Emotions are high on the pickets as 10,100 John Deere workers go toe-to-toe with the farm equipment manufacturing giant. In a record setting year for the company, John Deere was on track to make $5.9 billion or a 69% increase over its previous record; before the strike, that is. After spending over $1.7 billion on stock buybacks, paying out $761 million in dividends and raising the CEO’s salary by a mind-boggling 160%, they are only offering a $1.15 average raise for workers. As one worker’s shirt put it “100% Essential in 2020; Only 5% in 2021.” 

Unable to meet production demand due to supply chain breakdowns and a “worker shortage” Deere’s dependence on their employees has never been more evident. It exposes what is really driving this “worker shortage”: no one wants to work long hours in demanding jobs for low pay. In the area, other major employers such as Target and Tyson have outpaced Deere’s wages. Once considered a “premium” employer, their commitment to shareholders has undercut their ability to fully capitalize on this moment of unprecedented profits. Every day of this strike costs Deere millions of dollars. 

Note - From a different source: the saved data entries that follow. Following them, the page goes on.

Lemma enorm_col_le p (u : 'cV[R]_p) (c : R) :
  0 <= c -> (forall i, `|u i 0| <= c) -> enorm u <= Num.sqrt p%:R * c.
Proof.
move=> c_ge0 u_le; apply: enorm_le; first by rewrite mulr_ge0 ?sqrtr_ge0.
rewrite exprMn sqr_sqrtr ?ler0n // mulr_natl -[X in _ *+ X]card_ord -sumr_const.
apply: ler_sum => i _; rewrite big_ord1 -real_normK ?num_real //.
by rewrite ler_pXn2r ?nnegrE ?normr_ge0.
Qed.

Lemma enorm_mulmx_specnorm_tr m k (u : 'rV[R]_m) (A : 'M[R]_(m, k)) :
  enorm (u *m A) <= specnorm A^T * enorm u.
Proof. by rewrite -enorm_tr trmx_mul -(enorm_tr u); apply: enorm_mulmx_specnorm. Qed.

End EuclideanNorm.

Section PseudoInverse.
Variable R : realType.

Lemma mulmx_trmx_eq0 m k (M : 'M[R]_(m, k)) : M *m M^T = 0 -> M = 0.
Proof.
move=> MMt0; apply/matrixP => i j; rewrite mxE; apply/eqP; rewrite -sqrf_eq0; apply/eqP.
have row_sqr_sum : \sum_l M i l ^+ 2 = (M *m M^T) i i.
  by rewrite mxE; apply: eq_bigr => l _; rewrite mxE expr2.
have row_sum0 : \sum_l M i l ^+ 2 = 0 by rewrite row_sqr_sum MMt0 mxE.
exact: (psumr_eq0P (fun l _ => sqr_ge0 (M i l)) row_sum0).
Qed.

Lemma trmx_mulmx_unit p n (B : 'M[R]_(p, n)) : \rank B = n -> B^T *m B \in unitmx.
Proof.
move=> rkB; rewrite -row_free_unit -kermx_eq0; apply/eqP.
set K := kermx (B^T *m B).
have KBtB0 : K *m (B^T *m B) = 0 by apply/sub_kermxP.
have KBt0 : K *m B^T = 0.
  by apply: mulmx_trmx_eq0; rewrite trmx_mul trmxK mulmxA -(mulmxA K) KBtB0 mul0mx.
by apply/eqP; rewrite -(mulmx_free_eq0 K (B := B^T)) ?KBt0 // /row_free mxrank_tr rkB.
Qed.

Lemma pinv_full_col_rank p n (A : 'M[R]_(p, n)) : \rank A = n ->
  exists P, is_MP_pinv A P /\ P *m A = 1%:M.
Proof.
move=> rkA; have AtA_unit := trmx_mulmx_unit rkA.
set P := invmx (A^T *m A) *m A^T.
have PA : P *m A = 1%:M by rewrite -mulmxA mulVmx.
exists P; split=> //; split.
- by rewrite -mulmxA PA mulmx1.
- by rewrite PA mul1mx.
- by rewrite /P !trmx_mul trmxK trmx_inv trmx_mul trmxK mulmxA.
- by rewrite PA trmx1.
Qed.

Lemma enorm_le_rows_vdot p n (D : 'M[R]_(p, n)) (P : 'M[R]_(n, p))
    (v : 'rV[R]_n) (kappa_s eps : R) :
  P *m D = 1%:M -> specnorm P <= kappa_s -> 0 <= kappa_s -> 0 <= eps ->
  (forall i, `|vdot v (row i D)| <= eps) ->
  enorm v <= kappa_s * (Num.sqrt p%:R * eps).
Proof.
move=> PD P_le ks_ge0 eps_ge0 rows_le.
have -> : v = (P *m (D *m v^T))^T by rewrite mulmxA PD mul1mx trmxK.
rewrite enorm_tr; apply: le_trans (enorm_mulmx_specnorm _ _) _.
apply: le_trans (ler_wpM2r (enorm_ge0 _) P_le) _; rewrite ler_wpM2l //.
apply: enorm_col_le => // i; have := rows_le i.
by rewrite vdotC /vdot -row_mul mxE.
Qed.

End PseudoInverse.

Section MeanValue.
Variable R : realType.

Lemma MVT_le (phi dphi : R -> R) (K : R) :
  (forall t : R, 0 <= t <= 1 -> is_derive t 1 phi (dphi t)) ->
  (forall t : R, 0 <= t <= 1 -> dphi t <= K) ->
  phi 1 - phi 0 <= K.
Proof.
move=> phi' dphi_le.
have [c /andP[]] : exists2 c, c \in `[0, 1] & phi 1 - phi 0 = dphi c * (1 - 0).
  apply: MVT_segment => //.
    by move=> t; rewrite in_itv /= => /andP[t0 t1]; apply: phi'; rewrite !ltW.
  apply: derivable_within_continuous => t; rewrite in_itv /= => /andP[t0 t1].
  by have [] := phi' t; rewrite ?t0 ?t1.
by rewrite !bnd_simp => c0 c1 ->; rewrite subr0 mulr1 dphi_le ?c0.
Qed.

The UAW rank and file is confident they can win a contract worth fighting for. This led to a revolt against UAW’s International leadership which has been dragging its feet into this strike after trying to push a concessionary contract onto membership following a 99% strike authorization vote. The delayed Tentative Agreement fell woefully short of demands and was seen as an insult to members. With a 90% turnout this resulted in a resounding 90.6% ‘No’ vote. UAW members were heard booing and chanting “strike” while they used Q&A time to tell UAW leadership they have failed to do what they demanded: fight for a contract that meets their needs and organize a strike that can win it. 

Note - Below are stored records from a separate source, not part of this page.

Definition same_orbit (l l' : zvec) : bool := zvec_eq0 (zvec_cross (zvec_cube l) (zvec_cube l')).
Definition orbit_reps : seq zvec :=
  foldr (fun l reps => if has (same_orbit l) reps then reps else l :: reps) [::] spanned_lines.
Definition zlines : seq zvec := flatten (map diag_orbit orbit_reps).

Definition independent_spoints (i j : nat) : bool := (i == j) || ~~ zvec_eq0 (span_line i j).
Definition rich_line (l : zvec) : bool :=
  ~~ zvec_eq0 l && if incident l is [:: i, j, k & _] then [&& i < j, j < k & k < 27]%N else false.
Definition independent_zlines (m m' : nat) : bool :=
  (m == m') || ~~ zvec_eq0 (zvec_cross (nth zvec0 zlines m) (nth zvec0 zlines m')).
Definition third_spoint (i j k : nat) : bool :=
  [&& k != i, k != j & zwt_eq0 (zvec_dot (span_line i j) (spoint k))].
Definition listed_line (i j m : nat) : bool :=
  zvec_eq0 (zvec_cross (span_line i j) (nth zvec0 zlines m)).

Lemma spoints_independent : all (fun i => all (independent_spoints i) (iota 0 27)) (iota 0 27).
Proof. by vm_compute. Qed.

Lemma zlines_rich : all rich_line zlines.
Proof. by vm_compute. Qed.

Lemma zlines_independent :
  all (fun m => all (independent_zlines m) (iota 0 (size zlines))) (iota 0 (size zlines)).
Proof. by vm_compute. Qed.

Lemma zlines_complete : all (fun i => all (fun j =>
    (i != j) && has (third_spoint i j) (iota 0 27) ==> has (listed_line i j) (iota 0 (size zlines)))
  (iota 0 27)) (iota 0 27).
Proof. by vm_compute. Qed.

Section Configuration.
Variable C : numClosedFieldType.
Notation V := (vec3 C).

Definition zvec_eval (v : zvec) : V := (zwt_eval C v.1.1, zwt_eval C v.1.2, zwt_eval C v.2).

Lemma zvec_eval_dot u v : zwt_eval C (zvec_dot u v) = dot (zvec_eval u) (zvec_eval v).
Proof. by rewrite /zvec_dot /dot /= !(zwt_evalD, zwt_evalM). Qed.

Lemma zvec_eval_cross u v : zvec_eval (zvec_cross u v) = cross (zvec_eval u) (zvec_eval v).
Proof. by rewrite /zvec_eval /cross /= !(zwt_evalB, zwt_evalM). Qed.

Lemma zvec_eval_eq0 v : (zvec_eval v == (0, 0, 0)) = zvec_eq0 v.
Proof. by rewrite /zvec_eval !xpair_eqE !zwt_eval_eq0 -andbA. Qed.

Lemma zvec_eval_rot3 v : zvec_eval (rot3 v) = rot3 (zvec_eval v).
Proof. by []. Qed.

Lemma zvec_eval_neq0 v : nonzero3 (zvec_eval v) <-> ~~ zvec_eq0 v.
Proof. by rewrite -zvec_eval_eq0; split=> [/eqP|/eqP]. Qed.

Lemma sextactic_rot3 (p : V) : sextactic p -> sextactic (rot3 p).
Proof.
case: p => [[x y] z] [p0 [fermat sext]].
split; first by case=> z0 x0 y0; apply: p0; rewrite x0 y0 z0.
by split; [rewrite /on_fermat /= -fermat | rewrite /= -sext]; ring.
Qed.

Lemma proj_eq_rot3 (u v : V) : proj_eq u v -> proj_eq (rot3 u) (rot3 v).
Proof. by case=> k [k0 ->]; exists k. Qed.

What is needed now is a well organized, energetic strike that can stop shipments and halt production and UAW leadership has made it clear this is not their goal. It will come down to the rank and file to organize a victorious strike. The outcome and how it unfolds is likely to have far reaching impact on this resurgence in labor struggle which is being dubbed #Striketober. As 60,000 IATSE and 37,000 Kaiser Permanente workers prepare for strike action they will be looking to the rank and file of the UAW in this fight. As we enter into the second week of picketing, Socialist Alternative will continue to bring updates from our conversations with John Deere workers. Solidarity with UAW’s rank and file in their battle against the billionaire class!